Following nation-wide general elections in March 2008, the Pakatan Rakyat (PR) won 31 seats in the 59-member Legislative Assembly and Datuk Seri Mohammad Nizar bin Jamaludin was appointed Menteri Besar of Perak. The Barisan Nasional (BN) held the remaining 28 seats. In February 2009, three PR members -- DAP’s Hee Yit Foong, and PKR’s Jamaluddin Mohd Radzi and Mohd Osman Mohd Jailu -- announced their resignations from the legislative assembly, leaving each party in control of 28 seats each.

On 4 February, Nizar approached Sultan Azlan Shah to dissolve the assembly to "resolve the deadlock". The next day, the sultan met with 31 members of the assembly, and was satisfied that they supported Zambry as MB, and then informed Nizar that his request for dissolution of the state legislative assembly had been rejected. Among the 31 members present at this meeting were the three PR members who had earlier resigned. They had apparently withdrawn their resignations and transferred their support to Zambry. The sultan then informed Nizar that he no longer commanded the confidence of the state assembly and asked him to resign as MB. Zambry did not comply, and the sultan’s office issued a press statement declaring the office of MB vacant and that Zambry had been appointed the new MB since he commanded the confidence of the majority of state assembly members.

On 11 May 2009, the Kuala Lumpur High Court ruled that as there had been no vote of confidence on the floor of the state legislative assembly, Nizar remained the rightful MB of Perak. Zambry appealed against this decision and on 22 May, the Court of Appeal overturned the High Court decision and declared that Zambry had been rightfully appointed as MB.

At the time of writing, the Court of Appeal has yet to deliver the grounds for that decision. Even so, Nizar’s lawyers filed an application for leave to appeal against the Court of Appeal decision on 19 June 2009. This application is scheduled for hearing on 9 to 10 July.

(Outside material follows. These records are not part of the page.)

Definition Harr (m : nat) (K : R -> 'M[R]_m) (k : nat) (t : R)
  : 'M[R]_(k.+1 * m, m) :=
  \matrix_(p, b) mder (blk p).+1 K t (bidx p) b.

Definition Sset (m : nat) (E F : R -> 'M[R]_m) (k : nat) (t : R) : set 'cV[R]_m :=
  [set z | exists y : 'cV[R]_(k.+1 * m), Earr E F k t *m y = Farr F k t *m z].

Definition kerset (m : nat) (A : 'M[R]_m) : set 'cV[R]_m := [set z | A *m z = 0].

Definition invimg (m : nat) (M : 'M[R]_m) (S : set 'cV[R]_m) : set 'cV[R]_m :=
  (fun z => invmx M *m z) @` S.

Definition is_dim (m : nat) (S : set 'cV[R]_m) (d : nat) : Prop :=
  exists B : 'M[R]_(m, d), \rank B = d /\
    (forall z, S z <-> exists c : 'cV[R]_d, z = B *m c).

Definition blk_lower_diag (m k : nat) (M : 'M[R]_(k.+1 * m)) (D : 'M[R]_m) : Prop :=
  forall p q : 'I_(k.+1 * m),
    ((blk p < blk q)%N -> M p q = 0) /\
    (blk p = blk q -> M p q = D (bidx p) (bidx q)).

End DerivArrays.

From HB Require Import structures.
From mathcomp Require Import all_boot all_order all_algebra.
From mathcomp Require Import all_classical all_reals all_analysis.
From mathcomp Require Import zify ring.
Import Order.TTheory GRing.Theory Num.Theory numFieldNormedType.Exports.
Local Open Scope ring_scope.
Local Open Scope classical_set_scope.

Set Implicit Arguments. Unset Strict Implicit. Unset Printing Implicit Defensive.

(* Write [A] for the block matrix with (i, j) block C(i, j) A^(i-j) (zero above the
   diagonal). The Leibniz rule says exactly that [AB] = [A][B], and the derivative
   array E_[k] has (i, j) block [E]_(i,j) + [F]_(i,j+1). Applied to E~ = L (E K) and
   F~ = L (F K + E K'), Pascal's rule [K]_(i+1,j+1) = [K]_(i,j) + [K']_(i,j+1) turns
   this into E~_[k] = [L] E_[k] K_[k] with (K_[k])_(i,j) = [K]_(i+1,j+1), and
   similarly for F~_[k]. Both factors are block lower triangular with invertible
   diagonal blocks L and K, hence invertible, and a solution y of E_[k] y = F_[k] (K z)
   corresponds to the solution K_[k]^-1 (y + H_[k] z) of the transformed system. *)

Lemma pascal_sum (V : zmodType) (h : nat -> nat -> V) n :
  \sum_(c < n.+1) (h (n - c)%N.+1 c + h (n - c)%N c.+1) *+ 'C(n, c)
  = \sum_(c < n.+2) h (n.+1 - c)%N c *+ 'C(n.+1, c).
Proof.
rewrite [RHS]big_ord_recl /= subn0 bin0.
under [in RHS]eq_bigr => i _ do rewrite /bump /= subSS binS mulrnDr.
rewrite big_split /= [X in _ = _ + (X + _)]big_ord_recr /= bin_small // mulr0n addr0.
under [in LHS]eq_bigr => i _ do rewrite mulrnDl.
rewrite big_split /= big_ord_recl /= subn0 bin0 -addrA; congr (_ + _).
by congr (_ + _); apply: eq_bigr => i _; rewrite /bump /= subnSK.
Qed.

Issues raised by the High Court's decision

As the High Court’s decision is the only one available, this commentary relates to this judgment. The key issues in this case are whether Sultan Azlan Shah:


a. could dismiss the Executive Council when Nizar refused to tender the Council’s resignation after the Sultan refused to his request to dissolve the Legislative Assembly;

b. was constitutionally empowered to appoint Zambry the new MB when Nizar refused to tender the resignation of the Executive Council; and

c. had a discretion to determine if Nizar had lost the confidence of the majority of members of the Legislative Assembly in any other way than by a vote on the floor of the Assembly.

Ambit of Article XXVI(6)

The key to answering these questions is Article XXVI(6) of the Perak Constitution which provides:

If the Menteri Besar ceases to command the confidence of the majority of the members of the Legislative Assembly, then, unless at his request His Royal Highness dissolves the Legislative Assembly, he shall tender the resignation of the Executive Council.

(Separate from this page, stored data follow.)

Definition L2 (Phi : seq_sets) (f : nat -> C) : Prop :=
  Rbar_lt (sqnorm_limsup Phi f) p_infty.

(* ||f||_Phi (meaningful for f in L^2(N,Phi)) *)
Definition normPhi (Phi : seq_sets) (f : nat -> C) : R :=
  sqrt (real (sqnorm_limsup Phi f)).

Definition is_inner (Phi : seq_sets) (f h : nat -> C) (z : C) : Prop :=
  filterlim (avgC Phi (fun n => Cmult (f n) (Cconj (h n)))) eventually (locally z).

Definition inner_exists (Phi : seq_sets) (f h : nat -> C) : Prop :=
  exists z, is_inner Phi f h z.

Definition real_valued (f : nat -> C) : Prop := forall n, Im (f n) = 0.

Definition ev_agrees_subseq (Psi Phi : seq_sets) : Prop :=
  exists (phi : nat -> nat) (N0 : nat),
    (forall k, (phi k < phi (S k))%nat) /\
    (forall N, (N0 <= N)%nat -> forall n, In n (Psi N) <-> In n (Phi (phi N))).

Definition projection_family (U : seq_sets -> (nat -> C) -> Prop) : Prop :=
  (forall Phi, Folner Phi ->
     (forall f, U Phi f -> L2 Phi f) /\
     U Phi (fun _ => RtoC 0) /\
     (forall f g, U Phi f -> U Phi g -> U Phi (fun n => Cplus (f n) (g n))) /\
     (forall (c : C) f, U Phi f -> U Phi (fun n => Cmult c (f n))) /\
     (forall c : C, U Phi (fun _ => c)) /\
     (forall f, U Phi f -> U Phi (fun n => Cconj (f n))) /\
     (forall u v, U Phi u -> U Phi v -> inner_exists Phi u v) /\
     (forall u v, U Phi u -> U Phi v -> real_valued u -> real_valued v ->
        U Phi (fun n => RtoC (Rmax (Re (u n)) (Re (v n))))) /\
     (forall f, L2 Phi f ->
        (forall eps, 0 < eps -> exists u, U Phi u /\
            normPhi Phi (fun n => Cminus (f n) (u n)) < eps) ->
        U Phi f)) /\
  (forall Phi Psi, Folner Phi -> Folner Psi -> ev_agrees_subseq Psi Phi ->
     forall f, U Phi f -> U Psi f).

The High Court Judge, Datuk Abdul Aziz J, adopted the "golden rule of interpretation" requiring a court to give the words of the Constitution a plain and ordinary reading if the words are unambiguous. Finding that Article XVI(6) of the Perak Constitution ‘contains no ambiguity whatsoever’, Abdul Aziz J held that the sultan had no power to dismiss Nizar; neither was he allowed to deem the office of Menteri Besar vacant when Nizar refused to resign. To do so, he added, would be to do ‘violence to the language’ of Article XVI(6).

The judge held that when Nizar requested the sultan to dissolve the state legislative assembly, he had not done so with "any reference to any provision in the Perak’s State Constitution" and in the absence of reference to any specific provision in the Constitution, Nizar was thus requesting the sultan to exercise his royal prerogative under Article XXXVI(2), which gave the sultan a general power to "prorogue or dissolve the Legislative Assembly."

The textual argument

A textual reading of Article XVI(6) supports the High Court’s interpretation of this key provision. Article XVI comes under the heading "The Executive Council" and the relevant provision is the sixth of its eight sub-clauses. Though headings, sub-headings and marginal notes do not technically form part of the constitutional text, they help us understand the structure and organisation of the Constitution. On the face of it, Article XVI is clearly intended to deal specifically with matters relating to the Executive Council and not generalities.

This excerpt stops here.